With the line that contains "(* Adding n" as the final line, return every line from the start of the data below exactly.
*** Record excerpts ***
Lemma dca_of_columns_is_DCA : is_DCA Q.
Proof.
move=> j j' neq_jj' x.
have [lt_jk | ] := ltnP j k; have [lt_j'k | ] := ltnP j' k.
- have [-> | x_neq0] := eqVneq x 0%R.
    by exists ord_max; rewrite !dca_of_columns_last_row subr0.
  have [i lt_in <-] := column_diff_onto _ lt_jk lt_j'k neq_jj' x_neq0.
  by exists (Ordinal (leqW lt_in)); rewrite !dca_of_columns_inner.
- rewrite geq_ord_max => /eqP ->.
  have [i lt_in <-] := column_onto x lt_jk.
  exists (Ordinal (leqW lt_in)).
  by rewrite dca_of_columns_inner // dca_of_columns_last_col subr0.
- rewrite geq_ord_max => /eqP ->.
  have [i lt_in ci] := column_onto (- x)%R lt_j'k.
  exists (Ordinal (leqW lt_in)).
  by rewrite dca_of_columns_last_col dca_of_columns_inner // ci sub0r opprK.
- rewrite !geq_ord_max => /eqP j'_max /eqP j_max.
  by move: neq_jj'; rewrite j_max j'_max eqxx.
Qed.

End DCAOfColumns.

(* Adding n first avoids truncated subtraction. *)
Definition diffs_mod n (s t : seq nat) : seq nat :=
  [seq (x.1 + n - x.2) %% n | x <- zip s t].

Definition nonzero_mod_cover n (d : seq nat) : bool :=
  (0 \notin d) && all (fun x => x \in d) (iota 1 n.-1).

Definition difference_columns n (cols : seq (seq nat)) : bool :=
  all (fun s => perm_eq s (iota 0 n)) cols &&
  all (fun j => all (fun j' => (j == j') ||
         nonzero_mod_cover n (diffs_mod n (nth [::] cols j) (nth [::] cols j')))
       (iota 0 (size cols)))
      (iota 0 (size cols)).
(* Let $K_1,\dots,K_n$ be an operator Frobenius algebra on an $n$-manifold with structure functions $a_{ij}^s$, pairwise symmetries of each other, and work in the real-analytic (or formal) category. Writing the manifold in local coordinates $u=(u^1,\dots,u^n)$, consider the system of PDEs $$u_{t_j}=K_j(u)\,u_x,\qquad j=1,\dots,n,$$ for $u=u(x;t_1,\dots,t_n)$ with a scalar variable $x$. Let $u$ be any (analytic or formal) solution such that the Jacobian matrix $\partial u/\partial t$ is invertible, and for fixed $x$ let $t_i=t_i(u;x)$ be obtained by inverting $(t_1,\dots,t_n)\mapsto u(x;t)$. Then for each fixed value of $x$, the operator field $K=\sum_i t_i(u;x)K_i$ is a common symmetry of $K_1,\dots,K_n$.
   Context: For operator fields ($(1,1)$-tensor fields) $L,M$ and vector fields $\xi,\eta$ set $\langle L,M\rangle(\xi,\eta)=LM[\xi,\eta]+[L\xi,M\eta]-L[\xi,M\eta]-M[L\xi,\eta]$. Commuting operator fields $L,M$ are symmetries of each other if $\langle L,M\rangle(\xi,\xi)=0$ for all $\xi$; a common symmetry of several operator fields is an operator field commuting with and being a symmetry of each of them. An operator Frobenius algebra on an $n$-manifold $\mathsf M$ is given by $n$ smooth pairwise commuting operator fields $K_1,\dots,K_n$ such that at each $x\in\mathsf M$: (A1) there is $\xi\in T_x\mathsf M$ with $K_1\xi,\dots,K_n\xi$ linearly independent, and (A2) there is $a\in T_x^*\mathsf M$ with $K_1^*a,\dots,K_n^*a$ linearly independent. Its structure functions $a_{ij}^s$ are defined by $K_iK_j=\sum_s a_{ij}^sK_s$. *)

(* Everything is stated in a local chart:
   the manifold is an open set U of R^n (column vectors 'cV[R]_n). *)
From HB Require Import structures.
From mathcomp Require Import all_boot all_order all_algebra.
From mathcomp Require Import all_classical all_reals all_analysis.
Set Implicit Arguments. Unset Strict Implicit. Unset Printing Implicit Defensive.
Import Order.TTheory GRing.Theory Num.Theory.
Import numFieldNormedType.Exports.
Local Open Scope classical_set_scope.
Local Open Scope ring_scope.

Section Defs.
Variable R : realType.
(* [poly_eval d p t] is [polyR (S d) p t]; counting coefficients instead of the degree
   gives the zero polynomial a bound of its own, [polyR 0]. *)
Definition polyR (c : nat) (p : nat -> R) (t : R) : R := sumR c (fun k => p k * t ^ k).

Lemma polyR_0 c t : polyR c (fun _ => 0) t = 0.
Proof. unfold polyR. rewrite (sumR_ext _ _ (fun _ => 0)), sumR_0; [reflexivity|]. intros; ring. Qed.

Lemma polyR_plus c p q t : polyR c p t + polyR c q t = polyR c (fun k => p k + q k) t.
Proof. unfold polyR. rewrite <- sumR_plus. apply sumR_ext. intros; ring. Qed.

Lemma polyR_scal c s p t : s * polyR c p t = polyR c (fun k => s * p k) t.
Proof. unfold polyR. rewrite sumR_mult_l. apply sumR_ext. intros; ring. Qed.

Lemma polyR_widen c c' p t : (c <= c')%nat ->
  polyR c p t = polyR c' (fun k => if Nat.ltb k c then p k else 0) t.
Proof.
  intros Hc. unfold polyR. rewrite (sumR_zero_tail c c').
  - apply sumR_ext. intros k Hk. destruct (Nat.ltb_spec k c); [reflexivity|lia].
  - exact Hc.
  - intros k Hk. destruct (Nat.ltb_spec k c); [lia|ring].
Qed.

Lemma polyR_mul_var c p t :
  t * polyR c p t = polyR (S c) (fun k => match k with O => 0 | S k => p k end) t.
Proof.
  unfold polyR. rewrite sumR_succ_l, Rmult_0_l, Rplus_0_l, sumR_mult_l.
  apply sumR_ext. intros; simpl; ring.
Qed.

Lemma polyR_monomial c m s t : (m < c)%nat ->
  s * t ^ m = polyR c (fun k => if Nat.eq_dec k m then s else 0) t.
Proof.
  intros Hm. unfold polyR.
  rewrite (sumR_ext _ _ (fun k => if Nat.eq_dec k m then s * t ^ k else 0)).
  - now rewrite sumR_single.
  - intros k _. destruct (Nat.eq_dec k m); ring.
Qed.

Section SqrtForm.

Variables (D : R -> Prop) (b : list R).

Definition sqrt_form_eval (cS cT : nat) (p : nat -> nat -> R) (q : nat -> R) (r : R) : R :=
  sumR (length b) (fun j => polyR cS (p j) (r ^ 2) / sqrt (nth j b 0 ^ 2 - r ^ 2))
  + polyR cT q (r ^ 2).

Definition sqrt_form (cS cT : nat) (f : R -> R) : Prop :=
  exists p q, forall r, D r -> f r = sqrt_form_eval cS cT p q r.

Lemma sqrt_form_eval_poly cS cT q r :
  sqrt_form_eval cS cT (fun _ _ => 0) q r = polyR cT q (r ^ 2).
Proof.
  unfold sqrt_form_eval. rewrite (sumR_ext _ _ (fun _ => 0)), sumR_0; [ring|].
  intros j _. rewrite polyR_0. unfold Rdiv. ring.
Qed.

Lemma sqrt_form_eval_plus cS cT p1 q1 p2 q2 r :
  sqrt_form_eval cS cT p1 q1 r + sqrt_form_eval cS cT p2 q2 r =
  sqrt_form_eval cS cT (fun j k => p1 j k + p2 j k) (fun k => q1 k + q2 k) r.
Proof.
  unfold sqrt_form_eval. rewrite <- polyR_plus. symmetry.
  rewrite (sumR_ext _ _ (fun j => polyR cS (p1 j) (r ^ 2) / sqrt (nth j b 0 ^ 2 - r ^ 2)
                                + polyR cS (p2 j) (r ^ 2) / sqrt (nth j b 0 ^ 2 - r ^ 2))).
  - rewrite sumR_plus. ring.
  - intros j _. rewrite <- polyR_plus. unfold Rdiv. ring.
Qed.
*** End of Record excerpts ***
> [Solution below]:
Lemma dca_of_columns_is_DCA : is_DCA Q.
Proof.
move=> j j' neq_jj' x.
have [lt_jk | ] := ltnP j k; have [lt_j'k | ] := ltnP j' k.
- have [-> | x_neq0] := eqVneq x 0%R.
    by exists ord_max; rewrite !dca_of_columns_last_row subr0.
  have [i lt_in <-] := column_diff_onto _ lt_jk lt_j'k neq_jj' x_neq0.
  by exists (Ordinal (leqW lt_in)); rewrite !dca_of_columns_inner.
- rewrite geq_ord_max => /eqP ->.
  have [i lt_in <-] := column_onto x lt_jk.
  exists (Ordinal (leqW lt_in)).
  by rewrite dca_of_columns_inner // dca_of_columns_last_col subr0.
- rewrite geq_ord_max => /eqP ->.
  have [i lt_in ci] := column_onto (- x)%R lt_j'k.
  exists (Ordinal (leqW lt_in)).
  by rewrite dca_of_columns_last_col dca_of_columns_inner // ci sub0r opprK.
- rewrite !geq_ord_max => /eqP j'_max /eqP j_max.
  by move: neq_jj'; rewrite j_max j'_max eqxx.
Qed.

End DCAOfColumns.

(* Adding n first avoids truncated subtraction. *)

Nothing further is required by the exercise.